Lemma polyfun_mul_zlin_sub q (F : zvec) (k : nat) :
  polyfun q -> polyfun (fun c => q c * ((zlin F c)%:~R - k%:R)).
Proof.
move=> q_poly.
have : polyfun (fun c => \sum_(i < d) (F 0 i)%:~R * (q c * (c 0 i)%:~R) + - k%:R * q c).
  apply: polyfun_add; last exact: polyfun_scale.
  by apply: polyfun_sum => i; apply/polyfun_scale/polyfun_mul_coord.
apply: polyfun_ext => c; rewrite /zlin rmorph_sum mulrBr mulr_sumr mulNr mulrC.
by congr (_ - _); apply: eq_bigr => i _; rewrite rmorphM; ring.
Qed.

Lemma polyfun_mul_prod q (F : zvec) (ks : seq nat) :
  polyfun q -> polyfun (fun c => q c * \prod_(k <- ks) ((zlin F c)%:~R - k%:R)).
Proof.
elim: ks q => [|k ks IHks] q q_poly.
  by apply: polyfun_ext q_poly => c; rewrite big_nil mulr1.
apply: polyfun_ext (IHks _ (polyfun_mul_zlin_sub F k q_poly)) => c.
by rewrite big_cons mulrA.
Qed.

(* The term [(k, al)] of [ls] becomes the operator [k t^(e + al) d^al], which maps
   [t^c] to [k c^(al) t^(c + e)]. *)
Definition shift_op ls e : dop R d := [seq (t.1, alvec t.2 + e, t.2) | t : ffterm <- ls].

Lemma dact_shift_op ls e f c : dact (shift_op ls e) f c = ffpoly ls (c - e) * f (c - e).
Proof.
rewrite /dact /shift_op big_map /ffpoly mulr_suml; apply: eq_bigr => t _ /=.
by rewrite opprD addrA addrAC subrK.
Qed.

Lemma shift_op_DRA (A : seq zvec) ls e :
  (forall c, inNA A c -> ~ inNA A (c + e) -> ffpoly ls c = 0) -> inDRA A (shift_op ls e).
Proof.
move=> ls_gap f [s sf] f_NA; split.
  exists [seq x + e | x <- s] => c cNs; rewrite dact_shift_op sf ?mulr0 //.
  by apply: contra cNs => cs; apply/mapP; exists (c - e); rewrite ?subrK.
move=> c; rewrite dact_shift_op mulf_eq0 negb_or => /andP[ls_neq0 /f_NA NAce].
by apply: NNPP => NAc; move/eqP: ls_neq0; apply; apply: ls_gap; rewrite ?subrK.
Qed.

End DifferentialOperators.

Definition in_form_image d (A : seq 'rV[int]_d) (F v : 'rV[int]_d) : Prop :=
  exists b, inNA A b /\ zlin F v = zlin F b.

Section Separation.
Variables (R : realType) (d : nat) (A : seq 'rV[int]_d).
Hypothesis genA : generates_Zd A.
Local Notation zvec := 'rV[int]_d.
Local Notation C := R[i].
* * * *
**What to do**
The answer should hold the lines from the one containing "Variables (R : realType)" through the end of the entries above, set down exactly, with both ends included.

**Result of the exercise**
Variables (R : realType) (d : nat) (A : seq 'rV[int]_d).
Hypothesis genA : generates_Zd A.
Local Notation zvec := 'rV[int]_d.
Local Notation C := R[i].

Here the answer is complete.